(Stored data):
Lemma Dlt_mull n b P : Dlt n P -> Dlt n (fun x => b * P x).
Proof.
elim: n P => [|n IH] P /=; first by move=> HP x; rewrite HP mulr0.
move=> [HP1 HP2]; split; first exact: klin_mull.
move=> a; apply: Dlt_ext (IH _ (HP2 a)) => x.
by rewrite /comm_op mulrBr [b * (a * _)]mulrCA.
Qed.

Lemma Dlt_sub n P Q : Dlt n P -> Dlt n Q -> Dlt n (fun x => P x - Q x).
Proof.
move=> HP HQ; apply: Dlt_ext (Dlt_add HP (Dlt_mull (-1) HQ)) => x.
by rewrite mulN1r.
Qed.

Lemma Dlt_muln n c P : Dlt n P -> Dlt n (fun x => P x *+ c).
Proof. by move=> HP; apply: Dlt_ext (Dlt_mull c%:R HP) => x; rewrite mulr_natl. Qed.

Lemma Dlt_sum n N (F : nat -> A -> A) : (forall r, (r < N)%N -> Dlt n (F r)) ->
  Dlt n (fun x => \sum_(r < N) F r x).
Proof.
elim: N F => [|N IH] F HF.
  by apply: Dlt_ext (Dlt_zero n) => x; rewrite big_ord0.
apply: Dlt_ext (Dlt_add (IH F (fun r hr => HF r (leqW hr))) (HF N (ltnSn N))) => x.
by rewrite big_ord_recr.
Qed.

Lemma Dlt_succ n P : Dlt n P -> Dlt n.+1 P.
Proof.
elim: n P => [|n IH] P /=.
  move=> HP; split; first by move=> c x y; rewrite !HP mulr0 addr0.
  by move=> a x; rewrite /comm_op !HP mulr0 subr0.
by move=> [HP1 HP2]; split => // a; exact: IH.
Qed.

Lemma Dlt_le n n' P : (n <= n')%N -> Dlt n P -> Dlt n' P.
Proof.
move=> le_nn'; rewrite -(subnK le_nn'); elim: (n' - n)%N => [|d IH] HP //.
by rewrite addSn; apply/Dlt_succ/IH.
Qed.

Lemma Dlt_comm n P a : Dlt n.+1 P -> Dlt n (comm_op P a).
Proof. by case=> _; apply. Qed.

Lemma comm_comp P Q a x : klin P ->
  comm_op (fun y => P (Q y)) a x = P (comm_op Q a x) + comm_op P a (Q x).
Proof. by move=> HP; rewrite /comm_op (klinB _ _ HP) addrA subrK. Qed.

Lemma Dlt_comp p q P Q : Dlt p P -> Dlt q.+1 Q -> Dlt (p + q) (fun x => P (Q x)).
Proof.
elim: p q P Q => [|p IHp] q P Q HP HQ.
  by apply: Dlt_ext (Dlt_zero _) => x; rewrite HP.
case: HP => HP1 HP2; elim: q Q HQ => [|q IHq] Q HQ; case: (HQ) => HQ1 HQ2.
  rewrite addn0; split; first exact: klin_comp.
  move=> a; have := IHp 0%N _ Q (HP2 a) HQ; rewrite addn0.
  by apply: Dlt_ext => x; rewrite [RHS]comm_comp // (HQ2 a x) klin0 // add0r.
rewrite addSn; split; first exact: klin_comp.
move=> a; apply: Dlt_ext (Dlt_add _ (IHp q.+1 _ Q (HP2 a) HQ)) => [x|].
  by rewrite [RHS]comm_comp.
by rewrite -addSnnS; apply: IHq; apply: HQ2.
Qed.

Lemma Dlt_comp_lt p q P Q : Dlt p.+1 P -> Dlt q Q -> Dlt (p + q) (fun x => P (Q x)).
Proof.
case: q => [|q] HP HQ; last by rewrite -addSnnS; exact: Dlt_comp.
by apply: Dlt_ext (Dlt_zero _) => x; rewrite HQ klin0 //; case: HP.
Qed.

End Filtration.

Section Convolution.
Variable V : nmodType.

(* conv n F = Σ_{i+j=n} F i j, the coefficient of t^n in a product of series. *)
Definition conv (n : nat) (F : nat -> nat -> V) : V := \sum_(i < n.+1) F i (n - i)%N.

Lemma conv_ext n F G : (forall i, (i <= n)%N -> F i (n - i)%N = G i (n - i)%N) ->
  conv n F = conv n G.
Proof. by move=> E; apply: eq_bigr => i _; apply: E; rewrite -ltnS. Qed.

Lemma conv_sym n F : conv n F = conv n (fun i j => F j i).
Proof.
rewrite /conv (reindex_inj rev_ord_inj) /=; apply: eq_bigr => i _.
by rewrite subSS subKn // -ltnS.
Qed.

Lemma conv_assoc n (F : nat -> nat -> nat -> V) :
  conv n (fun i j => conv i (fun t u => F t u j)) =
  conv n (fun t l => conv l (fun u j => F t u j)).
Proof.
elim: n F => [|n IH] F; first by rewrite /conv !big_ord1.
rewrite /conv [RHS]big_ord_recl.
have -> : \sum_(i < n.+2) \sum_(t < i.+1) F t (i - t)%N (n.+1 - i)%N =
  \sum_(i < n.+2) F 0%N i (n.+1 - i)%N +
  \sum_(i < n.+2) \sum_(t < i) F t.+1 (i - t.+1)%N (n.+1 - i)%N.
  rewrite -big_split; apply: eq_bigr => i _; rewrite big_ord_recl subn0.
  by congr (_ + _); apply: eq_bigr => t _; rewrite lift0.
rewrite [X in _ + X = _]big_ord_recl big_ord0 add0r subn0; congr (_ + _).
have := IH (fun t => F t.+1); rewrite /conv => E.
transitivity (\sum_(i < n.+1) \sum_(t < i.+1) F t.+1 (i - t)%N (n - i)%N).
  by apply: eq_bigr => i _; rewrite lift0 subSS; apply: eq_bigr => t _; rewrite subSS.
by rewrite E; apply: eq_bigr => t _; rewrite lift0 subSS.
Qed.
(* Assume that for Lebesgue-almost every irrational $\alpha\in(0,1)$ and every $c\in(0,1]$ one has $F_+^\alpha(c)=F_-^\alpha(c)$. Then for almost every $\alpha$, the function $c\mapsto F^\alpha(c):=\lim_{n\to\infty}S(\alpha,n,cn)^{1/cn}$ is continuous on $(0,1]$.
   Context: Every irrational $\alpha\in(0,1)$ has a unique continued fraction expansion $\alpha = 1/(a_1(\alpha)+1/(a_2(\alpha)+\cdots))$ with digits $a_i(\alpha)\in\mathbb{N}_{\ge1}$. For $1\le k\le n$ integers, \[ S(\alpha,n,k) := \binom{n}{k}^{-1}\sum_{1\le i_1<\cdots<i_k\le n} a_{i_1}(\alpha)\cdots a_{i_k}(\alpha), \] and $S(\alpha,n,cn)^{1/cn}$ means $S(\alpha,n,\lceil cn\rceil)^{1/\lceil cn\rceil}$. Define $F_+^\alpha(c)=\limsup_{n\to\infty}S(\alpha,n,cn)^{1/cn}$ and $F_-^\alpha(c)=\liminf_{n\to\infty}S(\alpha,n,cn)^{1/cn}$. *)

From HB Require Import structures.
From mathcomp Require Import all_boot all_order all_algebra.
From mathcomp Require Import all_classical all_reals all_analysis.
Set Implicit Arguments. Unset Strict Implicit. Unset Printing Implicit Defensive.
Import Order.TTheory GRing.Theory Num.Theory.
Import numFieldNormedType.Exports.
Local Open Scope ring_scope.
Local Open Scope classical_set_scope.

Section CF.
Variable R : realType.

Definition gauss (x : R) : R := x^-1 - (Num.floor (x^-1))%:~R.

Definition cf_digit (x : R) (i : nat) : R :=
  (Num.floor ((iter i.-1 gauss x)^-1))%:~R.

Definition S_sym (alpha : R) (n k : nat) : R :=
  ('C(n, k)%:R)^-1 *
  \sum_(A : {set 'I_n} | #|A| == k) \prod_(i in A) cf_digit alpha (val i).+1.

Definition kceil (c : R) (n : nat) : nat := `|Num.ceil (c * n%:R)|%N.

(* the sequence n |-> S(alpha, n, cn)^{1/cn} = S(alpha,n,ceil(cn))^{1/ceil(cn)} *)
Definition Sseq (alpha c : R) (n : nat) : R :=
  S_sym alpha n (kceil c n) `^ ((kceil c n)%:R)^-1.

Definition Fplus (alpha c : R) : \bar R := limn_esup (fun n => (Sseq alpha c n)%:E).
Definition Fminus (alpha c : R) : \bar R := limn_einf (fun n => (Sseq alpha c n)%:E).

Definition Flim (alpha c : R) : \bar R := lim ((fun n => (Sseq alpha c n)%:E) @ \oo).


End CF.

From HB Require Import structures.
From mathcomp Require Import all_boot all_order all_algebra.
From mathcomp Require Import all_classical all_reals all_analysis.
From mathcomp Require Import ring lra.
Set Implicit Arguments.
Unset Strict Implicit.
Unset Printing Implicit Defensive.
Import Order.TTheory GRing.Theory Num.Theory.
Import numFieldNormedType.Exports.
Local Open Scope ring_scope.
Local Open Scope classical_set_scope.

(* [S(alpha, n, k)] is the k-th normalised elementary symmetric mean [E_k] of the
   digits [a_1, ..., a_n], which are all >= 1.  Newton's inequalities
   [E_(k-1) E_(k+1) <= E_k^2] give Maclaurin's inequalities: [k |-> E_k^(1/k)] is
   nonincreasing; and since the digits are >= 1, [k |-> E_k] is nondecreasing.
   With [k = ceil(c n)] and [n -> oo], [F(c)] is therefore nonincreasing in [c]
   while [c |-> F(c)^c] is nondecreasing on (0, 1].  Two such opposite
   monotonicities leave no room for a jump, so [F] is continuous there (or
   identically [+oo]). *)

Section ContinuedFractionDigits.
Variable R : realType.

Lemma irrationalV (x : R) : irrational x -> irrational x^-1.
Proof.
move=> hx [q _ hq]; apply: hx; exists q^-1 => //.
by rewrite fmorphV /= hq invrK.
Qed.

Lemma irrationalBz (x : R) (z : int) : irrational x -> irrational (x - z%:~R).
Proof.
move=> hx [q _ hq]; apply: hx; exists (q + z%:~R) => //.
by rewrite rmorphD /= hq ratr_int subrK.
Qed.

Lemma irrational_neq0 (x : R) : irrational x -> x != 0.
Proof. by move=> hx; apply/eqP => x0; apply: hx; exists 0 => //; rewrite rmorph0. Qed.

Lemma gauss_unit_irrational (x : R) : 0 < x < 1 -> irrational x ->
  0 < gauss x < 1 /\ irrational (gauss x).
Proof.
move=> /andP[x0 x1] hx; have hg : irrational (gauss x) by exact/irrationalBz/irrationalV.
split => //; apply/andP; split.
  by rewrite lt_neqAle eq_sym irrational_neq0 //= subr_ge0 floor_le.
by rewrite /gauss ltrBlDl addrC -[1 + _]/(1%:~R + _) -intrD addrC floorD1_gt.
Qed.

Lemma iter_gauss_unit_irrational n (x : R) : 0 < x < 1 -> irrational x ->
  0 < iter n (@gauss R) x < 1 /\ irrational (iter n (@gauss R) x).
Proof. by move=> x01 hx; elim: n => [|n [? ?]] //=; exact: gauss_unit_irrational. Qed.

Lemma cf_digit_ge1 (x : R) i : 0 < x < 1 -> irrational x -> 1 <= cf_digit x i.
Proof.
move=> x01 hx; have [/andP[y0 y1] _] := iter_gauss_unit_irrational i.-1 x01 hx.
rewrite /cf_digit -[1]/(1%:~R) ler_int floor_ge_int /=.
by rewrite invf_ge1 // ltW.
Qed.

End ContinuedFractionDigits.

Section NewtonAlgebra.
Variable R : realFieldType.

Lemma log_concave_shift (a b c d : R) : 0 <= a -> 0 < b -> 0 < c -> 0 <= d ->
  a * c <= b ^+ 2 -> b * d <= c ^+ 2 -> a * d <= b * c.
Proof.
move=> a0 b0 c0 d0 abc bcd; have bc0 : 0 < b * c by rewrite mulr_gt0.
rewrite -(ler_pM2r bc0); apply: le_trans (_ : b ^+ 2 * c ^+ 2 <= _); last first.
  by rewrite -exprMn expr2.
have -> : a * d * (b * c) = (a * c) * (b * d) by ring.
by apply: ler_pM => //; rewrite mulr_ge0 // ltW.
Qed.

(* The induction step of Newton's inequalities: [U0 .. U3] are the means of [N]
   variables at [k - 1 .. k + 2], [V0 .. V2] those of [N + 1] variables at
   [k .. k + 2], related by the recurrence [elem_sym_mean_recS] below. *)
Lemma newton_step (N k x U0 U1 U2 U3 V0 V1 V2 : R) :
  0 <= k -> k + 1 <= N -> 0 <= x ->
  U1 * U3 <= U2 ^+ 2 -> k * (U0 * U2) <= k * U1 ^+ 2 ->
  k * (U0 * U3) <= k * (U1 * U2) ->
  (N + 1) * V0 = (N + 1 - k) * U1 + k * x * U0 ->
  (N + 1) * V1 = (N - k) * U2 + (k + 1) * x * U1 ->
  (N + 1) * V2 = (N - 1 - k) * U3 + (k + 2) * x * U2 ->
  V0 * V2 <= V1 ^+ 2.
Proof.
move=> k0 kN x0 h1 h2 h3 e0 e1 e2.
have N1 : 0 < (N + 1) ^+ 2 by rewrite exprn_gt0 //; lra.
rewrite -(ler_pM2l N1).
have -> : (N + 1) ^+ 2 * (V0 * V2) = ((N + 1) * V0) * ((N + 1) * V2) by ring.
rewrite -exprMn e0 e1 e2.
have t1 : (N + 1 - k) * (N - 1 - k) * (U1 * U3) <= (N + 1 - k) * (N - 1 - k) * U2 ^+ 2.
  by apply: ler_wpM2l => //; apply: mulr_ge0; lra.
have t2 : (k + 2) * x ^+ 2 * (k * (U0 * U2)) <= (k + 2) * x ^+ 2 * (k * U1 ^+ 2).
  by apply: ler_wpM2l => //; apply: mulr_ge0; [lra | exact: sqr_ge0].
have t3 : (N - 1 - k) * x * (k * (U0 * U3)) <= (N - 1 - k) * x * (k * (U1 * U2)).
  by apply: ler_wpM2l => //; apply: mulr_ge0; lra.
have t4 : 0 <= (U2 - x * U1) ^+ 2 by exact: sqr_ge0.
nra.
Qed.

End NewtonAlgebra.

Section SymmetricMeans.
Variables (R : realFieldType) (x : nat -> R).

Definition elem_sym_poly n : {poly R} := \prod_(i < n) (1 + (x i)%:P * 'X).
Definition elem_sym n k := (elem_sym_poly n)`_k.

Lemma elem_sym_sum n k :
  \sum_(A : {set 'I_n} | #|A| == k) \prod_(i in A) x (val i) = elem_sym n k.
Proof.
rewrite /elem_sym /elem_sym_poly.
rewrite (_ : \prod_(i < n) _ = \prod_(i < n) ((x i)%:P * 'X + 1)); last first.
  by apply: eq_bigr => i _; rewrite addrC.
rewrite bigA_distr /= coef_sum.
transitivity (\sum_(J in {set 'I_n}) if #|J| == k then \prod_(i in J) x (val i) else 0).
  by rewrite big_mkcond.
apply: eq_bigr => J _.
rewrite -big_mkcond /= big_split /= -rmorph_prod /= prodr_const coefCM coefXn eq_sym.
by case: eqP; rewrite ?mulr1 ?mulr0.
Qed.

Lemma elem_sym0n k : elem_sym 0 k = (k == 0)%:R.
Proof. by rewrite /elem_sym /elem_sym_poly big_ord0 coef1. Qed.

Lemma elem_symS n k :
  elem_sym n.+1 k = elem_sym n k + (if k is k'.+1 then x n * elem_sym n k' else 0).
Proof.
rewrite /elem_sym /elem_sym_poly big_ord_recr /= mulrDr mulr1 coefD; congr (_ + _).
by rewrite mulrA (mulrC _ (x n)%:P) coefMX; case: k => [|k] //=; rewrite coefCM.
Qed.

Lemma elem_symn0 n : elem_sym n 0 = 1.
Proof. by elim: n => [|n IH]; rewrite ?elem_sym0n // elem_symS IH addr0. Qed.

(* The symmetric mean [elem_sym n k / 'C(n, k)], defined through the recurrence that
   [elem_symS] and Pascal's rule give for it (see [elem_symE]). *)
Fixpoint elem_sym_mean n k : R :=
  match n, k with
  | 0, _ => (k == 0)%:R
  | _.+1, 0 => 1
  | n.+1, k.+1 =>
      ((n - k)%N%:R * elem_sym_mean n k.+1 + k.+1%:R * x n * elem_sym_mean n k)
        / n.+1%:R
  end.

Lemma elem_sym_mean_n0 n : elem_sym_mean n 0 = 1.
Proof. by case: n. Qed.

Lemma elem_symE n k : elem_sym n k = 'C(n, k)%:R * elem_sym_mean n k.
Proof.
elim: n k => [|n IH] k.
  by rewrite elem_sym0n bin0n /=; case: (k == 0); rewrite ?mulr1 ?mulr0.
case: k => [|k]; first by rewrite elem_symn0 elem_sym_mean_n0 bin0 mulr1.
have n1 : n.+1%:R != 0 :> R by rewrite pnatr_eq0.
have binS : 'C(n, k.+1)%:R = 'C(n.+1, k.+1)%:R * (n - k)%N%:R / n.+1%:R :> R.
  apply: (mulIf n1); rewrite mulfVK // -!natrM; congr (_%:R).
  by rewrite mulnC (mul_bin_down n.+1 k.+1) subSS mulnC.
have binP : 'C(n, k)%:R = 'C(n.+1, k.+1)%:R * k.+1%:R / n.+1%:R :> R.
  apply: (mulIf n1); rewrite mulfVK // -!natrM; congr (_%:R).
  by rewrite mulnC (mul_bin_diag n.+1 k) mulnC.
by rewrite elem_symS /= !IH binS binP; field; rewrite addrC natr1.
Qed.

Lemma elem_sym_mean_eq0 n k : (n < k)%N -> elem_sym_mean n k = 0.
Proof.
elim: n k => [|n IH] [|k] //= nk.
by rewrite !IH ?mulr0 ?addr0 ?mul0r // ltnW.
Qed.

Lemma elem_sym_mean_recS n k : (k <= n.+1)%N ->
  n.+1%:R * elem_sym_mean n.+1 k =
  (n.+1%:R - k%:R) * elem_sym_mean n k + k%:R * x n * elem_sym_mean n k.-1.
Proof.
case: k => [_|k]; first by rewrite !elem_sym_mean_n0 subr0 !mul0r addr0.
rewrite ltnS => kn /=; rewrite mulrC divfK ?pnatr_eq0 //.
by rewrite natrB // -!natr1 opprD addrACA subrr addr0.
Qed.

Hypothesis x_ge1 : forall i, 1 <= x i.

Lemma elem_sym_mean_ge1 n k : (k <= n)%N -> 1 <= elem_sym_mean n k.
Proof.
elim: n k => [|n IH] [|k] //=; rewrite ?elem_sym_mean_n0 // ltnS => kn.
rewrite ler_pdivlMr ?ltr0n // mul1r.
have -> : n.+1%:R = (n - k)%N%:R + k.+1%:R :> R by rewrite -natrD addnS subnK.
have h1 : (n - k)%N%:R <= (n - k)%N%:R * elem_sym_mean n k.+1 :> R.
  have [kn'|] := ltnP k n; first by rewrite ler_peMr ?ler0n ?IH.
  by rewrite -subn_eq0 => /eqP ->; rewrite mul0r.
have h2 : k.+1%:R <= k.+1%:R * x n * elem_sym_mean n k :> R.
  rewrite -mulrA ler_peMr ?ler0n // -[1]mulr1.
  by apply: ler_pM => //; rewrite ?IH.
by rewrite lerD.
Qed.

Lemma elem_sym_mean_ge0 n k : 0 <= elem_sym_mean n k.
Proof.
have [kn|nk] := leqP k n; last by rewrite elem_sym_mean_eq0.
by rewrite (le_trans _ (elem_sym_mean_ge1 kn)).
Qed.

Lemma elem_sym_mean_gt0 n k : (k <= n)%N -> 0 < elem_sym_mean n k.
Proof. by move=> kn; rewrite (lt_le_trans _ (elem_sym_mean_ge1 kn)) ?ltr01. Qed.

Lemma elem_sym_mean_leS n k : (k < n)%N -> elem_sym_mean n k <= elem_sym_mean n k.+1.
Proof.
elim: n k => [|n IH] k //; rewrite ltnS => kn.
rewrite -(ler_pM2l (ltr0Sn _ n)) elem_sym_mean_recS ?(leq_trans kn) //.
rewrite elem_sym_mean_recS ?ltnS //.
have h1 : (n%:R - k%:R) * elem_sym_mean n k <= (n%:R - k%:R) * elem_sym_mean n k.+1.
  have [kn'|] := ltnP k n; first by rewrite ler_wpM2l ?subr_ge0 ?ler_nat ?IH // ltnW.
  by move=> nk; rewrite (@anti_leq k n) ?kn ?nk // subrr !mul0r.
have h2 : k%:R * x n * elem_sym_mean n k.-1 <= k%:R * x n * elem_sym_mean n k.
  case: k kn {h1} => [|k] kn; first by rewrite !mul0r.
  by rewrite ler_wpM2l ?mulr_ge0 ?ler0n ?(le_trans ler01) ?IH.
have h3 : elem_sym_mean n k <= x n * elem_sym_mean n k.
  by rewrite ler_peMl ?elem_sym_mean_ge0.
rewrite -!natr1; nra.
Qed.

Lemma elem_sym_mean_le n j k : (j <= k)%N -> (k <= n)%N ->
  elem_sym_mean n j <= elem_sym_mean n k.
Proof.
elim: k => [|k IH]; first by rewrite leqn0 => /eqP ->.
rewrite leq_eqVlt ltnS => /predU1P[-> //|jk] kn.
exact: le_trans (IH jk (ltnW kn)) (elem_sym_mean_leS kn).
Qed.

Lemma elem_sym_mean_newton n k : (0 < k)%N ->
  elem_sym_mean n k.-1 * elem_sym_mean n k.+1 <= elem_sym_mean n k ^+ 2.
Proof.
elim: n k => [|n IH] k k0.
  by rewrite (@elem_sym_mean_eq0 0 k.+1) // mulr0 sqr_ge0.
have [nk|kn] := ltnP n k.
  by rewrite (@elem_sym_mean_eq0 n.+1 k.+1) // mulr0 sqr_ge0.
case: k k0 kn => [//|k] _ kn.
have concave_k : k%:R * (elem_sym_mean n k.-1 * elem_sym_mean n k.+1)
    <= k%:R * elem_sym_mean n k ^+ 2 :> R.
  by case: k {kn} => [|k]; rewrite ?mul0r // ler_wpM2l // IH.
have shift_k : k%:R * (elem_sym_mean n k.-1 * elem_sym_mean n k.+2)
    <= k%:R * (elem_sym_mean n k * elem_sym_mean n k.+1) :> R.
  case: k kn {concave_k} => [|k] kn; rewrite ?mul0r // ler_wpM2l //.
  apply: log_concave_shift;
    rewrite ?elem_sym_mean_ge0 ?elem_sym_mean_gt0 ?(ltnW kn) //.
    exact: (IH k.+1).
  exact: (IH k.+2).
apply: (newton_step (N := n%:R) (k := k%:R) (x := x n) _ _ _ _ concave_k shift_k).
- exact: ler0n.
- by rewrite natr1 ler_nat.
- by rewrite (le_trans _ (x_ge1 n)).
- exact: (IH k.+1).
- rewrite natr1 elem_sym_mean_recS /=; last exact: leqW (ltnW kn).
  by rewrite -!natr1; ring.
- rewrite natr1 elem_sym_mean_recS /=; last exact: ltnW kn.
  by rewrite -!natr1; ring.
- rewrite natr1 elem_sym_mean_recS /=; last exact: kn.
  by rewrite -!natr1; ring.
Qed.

(Work task): Please show the lines in the entries above that hold the string "kceil".

(Finished exercise):
Definition kceil (c : R) (n : nat) : nat := `|Num.ceil (c * n%:R)|%N.
  S_sym alpha n (kceil c n) `^ ((kceil c n)%:R)^-1.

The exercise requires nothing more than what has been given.